Oven French Fries with Truffle, Garlic, and Parmesan Variations

American, French

Everyone’s favorite comfort food, done easily without the hassle of deep-frying. These are truly great, especially with the perfect, not-too-fine salt suggested here. See notes below for variations of flavorings. ~Joanna
4 Russet potatoes (2 pounds total), sliced into long, 1/4-inch thick julienne
1 tablespoon distilled vinegar
1/4 cup butter, melted
1/4 cup vegetable oil
1 tablespoon freshly ground sea salt, or Fleur de Sel, to taste
1 Soak potatoes in water to cover for 1 hour, adding the vinegar to the water.

2 Preheat oven to 400°F.

3 Drain potatoes and pat dry with a clean kitchen towel.

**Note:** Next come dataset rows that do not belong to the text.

(* Let $\mu_0\in(-1,0)$ and $y>0$. If $$x\ge \frac{y^{\mu_0}e^{-y}}{\Gamma(\mu_0+1,y)}-1$$ (and $x>0$), then $Q_{\mu_0}(x,y)>0$.
   Context: For real $\mu$, $x>0$, $y\ge 0$: $Q_{\mu}(x,y)=x^{\frac12(1-\mu)}\int_y^{\infty} t^{\frac12(\mu-1)}e^{-t-x}I_{\mu-1}(2\sqrt{xt})\,dt$, where $I_\nu$ is the modified Bessel function of the first kind. $\Gamma(a,y)=\int_y^\infty t^{a-1}e^{-t}dt$. *)

From Stdlib Require Import Reals.
From Coquelicot Require Import Coquelicot.
Open Scope R_scope.

Definition GammaPos (a : R) : R :=
  RInt_gen (fun t => Rpower t (a - 1) * exp (- t)) (at_right 0) (Rbar_locally p_infty).

Fixpoint poch (a : R) (n : nat) : R :=
  match n with O => 1 | S m => poch a m * (a + INR m) end.

(* Gamma on all reals (meaningful off the nonpositive integers), via the
   functional equation Gamma(a) = Gamma(a+N) / (a (a+1) ... (a+N-1)). *)
Definition Gamma (a : R) : R :=
  let N := Z.to_nat (up (- a)) in GammaPos (a + INR N) / poch a N.

Definition GammaUp (a y : R) : R :=
  RInt_gen (fun t => Rpower t (a - 1) * exp (- t)) (at_point y) (Rbar_locally p_infty).

Definition BesselI (nu z : R) : R :=
  Series (fun k => Rpower (z / 2) (2 * INR k + nu) / (INR (Factorial.fact k) * Gamma (INR k + nu + 1))).

Definition Qmu (mu x y : R) : R :=
  Rpower x ((1 - mu) / 2) *
  RInt_gen (fun t => Rpower t ((mu - 1) / 2) * exp (- t - x) * BesselI (mu - 1) (2 * sqrt (x * t)))
    (at_point y) (Rbar_locally p_infty).

(* Expanding the Bessel function, Q_mu(x,y) = e^(-x) int_y^oo t^(mu-1) e^(-t) P(xt) dt with
   P(s) = sum_k s^k / (k! Gamma(k+mu)).  For -1 < mu < 0 only the constant coefficient
   1/Gamma(mu) = mu/Gamma(mu+1) is negative, so P(s) >= c0 + c1 s + c2 s^2 and the integral is at least
   (mu Gamma(mu,y) + x Gamma(mu+1,y)) / Gamma(mu+1) + c2 x^2 Gamma(mu+2,y).  By the recurrence
   Gamma(mu+1,y) = mu Gamma(mu,y) + y^mu e^(-y) the first term is ((x+1) Gamma(mu+1,y) - y^mu e^(-y)) / Gamma(mu+1),
   which is nonnegative exactly under the hypothesis, and the last term is positive.
   The analytic side conditions come from domination by e^(-t/2), and P has infinite radius of
   convergence because Gamma(k+mu) >= M^k e^(-(M+1)) / (M+1)^2 for every M >= 1. *)

From Stdlib Require Import Reals Lra Lia.
From Coquelicot Require Import Coquelicot.
Open Scope R_scope.

Lemma ball_R_Rabs (x y e : R) : ball x e y <-> Rabs (y - x) < e.
Proof. reflexivity. Qed.

Lemma locally_gt_0 (x : R) : 0 < x -> locally x (fun y => 0 < y).
Proof.
  intros Hx. exists (mkposreal x Hx). intros y Hy.
  apply ball_R_Rabs, Rabs_lt_between' in Hy. simpl in Hy. lra.
Qed.

Lemma filterlim_at_point (f : R -> R) (c : R) : filterlim f (at_point c) (locally (f c)).
Proof. intros P HP. unfold filtermap, at_point. now apply locally_singleton. Qed.

Lemma filter_prod_at_point_p_infty (y : R) :
  filter_prod (at_point y) (Rbar_locally p_infty) (fun ab => fst ab = y /\ y < snd ab).
Proof.
  apply Filter_prod with (fun a => a = y) (fun b => y < b); [reflexivity | now exists y |].
  intros a b -> Hb; auto.
Qed.

Lemma exp_le_compat (x y : R) : x <= y -> exp x <= exp y.
Proof. intros [H | ->]; [left; now apply exp_increasing | lra]. Qed.

Lemma Rpower_pos (t b : R) : 0 < Rpower t b.
Proof. apply exp_pos. Qed.

Lemma is_derive_Rpower (t b : R) : 0 < t -> is_derive (fun u => Rpower u b) t (b * Rpower t (b - 1)).
Proof. intros; apply is_derive_Reals, derivable_pt_lim_power; auto. Qed.

Lemma continuous_Rpower (t b : R) : 0 < t -> continuous (fun u => Rpower u b) t.
Proof. intros; apply (ex_derive_continuous (fun u => Rpower u b)); eexists; apply is_derive_Rpower; auto. Qed.

Lemma Rpower_le_nonpos (b y t : R) : b <= 0 -> 0 < y <= t -> Rpower t b <= Rpower y b.
Proof.
  intros Hb Hyt.
  assert (H : Rpower y (- b) <= Rpower t (- b)) by (apply Rle_Rpower_l; lra).
  rewrite !Rpower_Ropp in H.
  rewrite <- (Rinv_inv (Rpower t b)), <- (Rinv_inv (Rpower y b)).
  apply Rinv_le_contravar; [apply Rinv_0_lt_compat, Rpower_pos | exact H].
Qed.

Lemma pow_le_fact_exp (z : R) (n : nat) : 0 <= z -> z ^ n <= INR (Factorial.fact n) * exp z.
Proof.
  intros Hz.
  assert (Hf := INR_fact_lt_0 n).
  assert (Hsum : z ^ n / INR (Factorial.fact n) <= exp z).
  { eapply Rle_trans; [|apply (exp_ge_taylor z n Hz)].
    destruct n as [|n]; [simpl; lra|].
    rewrite tech5.
    assert (0 <= sum_f_R0 (fun k => z ^ k / INR (Factorial.fact k)) n); [|lra].
    apply cond_pos_sum. intros k. apply Rmult_le_pos; [now apply pow_le|].
    left; apply Rinv_0_lt_compat, INR_fact_lt_0. }
  unfold Rdiv in Hsum.
  apply (Rmult_le_compat_l (INR (Factorial.fact n))) in Hsum; [|lra].
  rewrite <- Rmult_assoc, (Rmult_comm _ (z ^ n)), Rmult_assoc, Rinv_r, Rmult_1_r in Hsum; lra.
Qed.

Lemma Rpower_le_exp_half (b c : R) :
  0 < c -> exists C, 0 < C /\ forall t, c <= t -> Rpower t b <= C * exp (t / 2).
Proof.
  intros Hc.
  destruct (INR_unbounded b) as [N HN].
  exists (Rpower c b + 1 + INR (Factorial.fact N) * 2 ^ N).
  assert (Hf := INR_fact_lt_0 N). assert (H2 := pow_lt 2 N Rlt_0_2).
  split; [pose proof (Rpower_pos c b); nra|].
  intros t Ht.
  assert (He : 1 <= exp (t / 2)) by (rewrite <- exp_0; apply exp_le_compat; lra).
  assert (HtN : t ^ N <= INR (Factorial.fact N) * 2 ^ N * exp (t / 2)).
  { replace (t ^ N) with (2 ^ N * (t / 2) ^ N) by (rewrite <- Rpow_mult_distr; f_equal; field).
    pose proof (pow_le_fact_exp (t / 2) N ltac:(lra)). nra. }
  assert (Hb : Rpower t b <= Rpower c b + 1 + t ^ N).
  { pose proof (Rpower_pos c b). pose proof (pow_le t N ltac:(lra)).
    destruct (Rle_dec 0 b) as [Hb0|Hb0]; [destruct (Rle_dec 1 t) as [Ht1|Ht1]|].
    - rewrite <- Rpower_pow by lra. pose proof (Rle_Rpower t b (INR N) Ht1 ltac:(lra)). lra.
    - assert (Hle1 : Rpower t b <= Rpower 1 b) by (apply Rle_Rpower_l; lra).
      unfold Rpower at 2 in Hle1. rewrite ln_1, Rmult_0_r, exp_0 in Hle1. lra.
    - pose proof (Rpower_le_nonpos b c t ltac:(lra) ltac:(lra)). lra. }
  pose proof (Rpower_pos c b). nra.
Qed.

4 Heat the butter with the oil and then toss with potatoes. Spread in single layer on two cookie sheets. Use two sheets to ensure that potatoes are spread out. If they are too close together they will steam rather than crisp up.

5 Bake for 20 minutes. Turn with a spatula and bake for another 15 to 20 minutes, until golden.

6 Remove to paper towel lined plate, drain, and sprinkle with salt.

servings  use metric
original recipe yield: 4 Servings
Notes NOTE On Topping Variations
Truffled - toss cooked fries with 1 tablespoon truffle oil before adding salt.
Garlic and Parsley - toss fries with 3 tablespoons minced parsley and 2 minced garlic cloves.
Parmesan - toss fries with 1/4 cup finely grated parmesan cheese. Add some minced garlic to take them over the top!